━━━━━ MATERIAL SHOWN

(* Let $M := \langle X \mid R\rangle$ and let $Y := \{x\in X \mid \exists\, a,b,c\in\langle X\rangle \text{ such that } (axb,c)\in R \text{ or } (c,axb)\in R\}$. If $M$ has accepted elasticity and $X \neq Y$, then $M$ is fully elastic.
   Context: For a set $X$, $\langle X\rangle$ is the free monoid on $X$ (identity $1$); $M=\langle X\mid R\rangle$ is the monoid presented by generators $X$ and relations $R\subseteq\langle X\rangle\times\langle X\rangle$. $|a|$ is word length; $a=_M b$ means equal images in $M$. $\mathsf{L}_M(a) := \{|b| : b\in\langle X\rangle,\ b=_M a\}$, $\mathcal{L}(M):=\{\mathsf{L}_M(a): a\in\langle X\rangle\}$. For $L\subseteq\mathbb{N}$, $\rho(L) := \sup(L\cap\mathbb{N}^+)/\min(L\cap\mathbb{N}^+)\in\mathbb{Q}^+\cup\{\infty\}$ if $L\cap\mathbb{N}^+\neq\emptyset$, and $\rho(L):=0$ otherwise. $\rho(M) := \sup\{\rho(L) : L\in\mathcal{L}(M)\}$. $M$ has accepted elasticity if $\rho(M) = \rho(L) < \infty$ for some $L\in\mathcal{L}(M)$. $M$ is fully elastic if for every $q\in\mathbb{Q}$ with $1<q<\rho(M)$ there is $L\in\mathcal{L}(M)$ with $\rho(L) = q$. *)

From HB Require Import structures.
From mathcomp Require Import all_boot all_order all_algebra.
From mathcomp Require Import all_classical all_reals.
From mathcomp Require Import ereal Rstruct.
Set Implicit Arguments. Unset Strict Implicit. Unset Printing Implicit Defensive.
Import Order.TTheory GRing.Theory Num.Theory.
Local Open Scope classical_set_scope.
Local Open Scope ring_scope.
Local Open Scope ereal_scope.

(* Words over X are elements of seq X (the free monoid <X>, identity [::]).
   A presentation is given by a set of relations R on words. *)

(* The congruence on <X> generated by R: a =_M b with M = <X | R>. *)
Inductive Meq (X : Type) (R : set (seq X * seq X)) : seq X -> seq X -> Prop :=
| Meq_base u v : R (u, v) -> Meq R u v
| Meq_refl u : Meq R u u
| Meq_sym u v : Meq R u v -> Meq R v u
| Meq_trans u v w : Meq R u v -> Meq R v w -> Meq R u w
| Meq_cat u u' v v' : Meq R u u' -> Meq R v v' -> Meq R (u ++ v) (u' ++ v').

Definition lenset (X : Type) (R : set (seq X * seq X)) (a : seq X) : set nat :=
  [set size b | b in [set b | Meq R b a]].

Definition lensets (X : Type) (R : set (seq X * seq X)) : set (set nat) :=
  [set lenset R a | a in [set: seq X]].

Definition rho (L : set nat) : \bar Rdefinitions.R :=
  let S := [set (n%:R)%:E | n in [set n | L n /\ (0 < n)%N]] in
  if asbool (exists n, L n /\ (0 < n)%N)
  then ereal_sup S * ((fine (ereal_inf S))^-1)%:E
  else 0.

Definition rhoM (X : Type) (R : set (seq X * seq X)) : \bar Rdefinitions.R :=
  ereal_sup [set rho L | L in lensets R].

Definition accepted_elasticity (X : Type) (R : set (seq X * seq X)) : Prop :=
  exists2 L, lensets R L & rhoM R = rho L /\ rho L < +oo.

Definition fully_elastic (X : Type) (R : set (seq X * seq X)) : Prop :=
  forall q : rat, (1 < q)%R -> ((ratr q)%:E < rhoM R) ->
    exists2 L, lensets R L & rho L = (ratr q)%:E.

Definition relgens (X : Type) (R : set (seq X * seq X)) : set X :=
  [set x | exists a b c : seq X,
     R (a ++ x :: b, c) \/ R (c, a ++ x :: b)].

(* A generator x not occurring in any relation is invisible to the relations:
   erasing x and counting x are both invariant under =_M.  Hence for an
   x-free word w the length set of w x^n is L(w) + n.  Accepted elasticity
   gives a word a whose extremal lengths S, m realise rho(M) = S/m; erasing x
   from a does not decrease this ratio, so rho(M) is also realised at an
   x-free word, and then (by maximality of S/m) at all its powers w^k, with
   extremal lengths kS, km.  For q = p/r with 1 < q < S/m, padding w^(p-r)
   with n = rS - pm copies of x yields the ratio (kS + n)/(km + n) = p/r. *)
From mathcomp Require Import all_boot all_order all_algebra.
From mathcomp Require Import all_classical all_reals.
From mathcomp Require Import ereal Rstruct zify.
Set Implicit Arguments. Unset Strict Implicit. Unset Printing Implicit Defensive.
Import Order.TTheory GRing.Theory Num.Theory.
Local Open Scope classical_set_scope.
Notation RR := Rdefinitions.R.

Section NatRatio.
Local Open Scope ring_scope.
Variables a b c d : nat.
Hypotheses (b_gt0 : (0 < b)%N) (d_gt0 : (0 < d)%N).

Lemma ler_nat_div : (a%:R / b%:R <= c%:R / d%:R :> RR) = (a * d <= c * b)%N.
Proof. by rewrite ler_pdivrMr ?ltr0n // mulrAC ler_pdivlMr ?ltr0n // -!natrM ler_nat. Qed.

Lemma ltr_nat_div : (a%:R / b%:R < c%:R / d%:R :> RR) = (a * d < c * b)%N.
Proof. by rewrite ltr_pdivrMr ?ltr0n // mulrAC ltr_pdivlMr ?ltr0n // -!natrM ltr_nat. Qed.

Lemma eqr_nat_div : (a%:R / b%:R == c%:R / d%:R :> RR) = (a * d == c * b)%N.
Proof. by rewrite eqr_div ?pnatr_eq0 -?lt0n // -!natrM eqr_nat. Qed.

End NatRatio.

Lemma ratr_gt1_nat_div (q : rat) : (1 < q)%R ->
  exists p r : nat, [/\ (0 < r)%N, (r < p)%N & ratr q = (p%:R / r%:R : RR)%R].
Proof.
move=> q_gt1; have q_gt0 : (0 < q)%R by apply: lt_trans q_gt1.
have num_ge0 : (0 <= numq q)%R by rewrite numq_ge0 ltW.
have den_gt0 := denq_gt0 q.
have ratr_q : ratr q = ((`|numq q|%N)%:R / (`|denq q|%N)%:R : RR)%R.
  by rewrite /ratr -(gez0_abs num_ge0) -(gez0_abs (ltW den_gt0)) !pmulrn.
exists `|numq q|%N, `|denq q|%N; split => //; first by rewrite absz_gt0 gt_eqF.
have : ((1%N)%:R / (1%N)%:R < ratr q :> RR)%R.
  by rewrite divr1 -(rmorph1 (@ratr RR)) ltr_rat.
by rewrite ratr_q ltr_nat_div ?absz_gt0 ?gt_eqF // mul1n muln1.
Qed.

━━━━━━━━━━

* WHAT YOU WILL DO
Filter the entries above down to the lines containing the word "then".

* ANSWER BOX
(* Let $M := \langle X \mid R\rangle$ and let $Y := \{x\in X \mid \exists\, a,b,c\in\langle X\rangle \text{ such that } (axb,c)\in R \text{ or } (c,axb)\in R\}$. If $M$ has accepted elasticity and $X \neq Y$, then $M$ is fully elastic.
  then ereal_sup S * ((fine (ereal_inf S))^-1)%:E
   x-free word, and then (by maximality of S/m) at all its powers w^k, with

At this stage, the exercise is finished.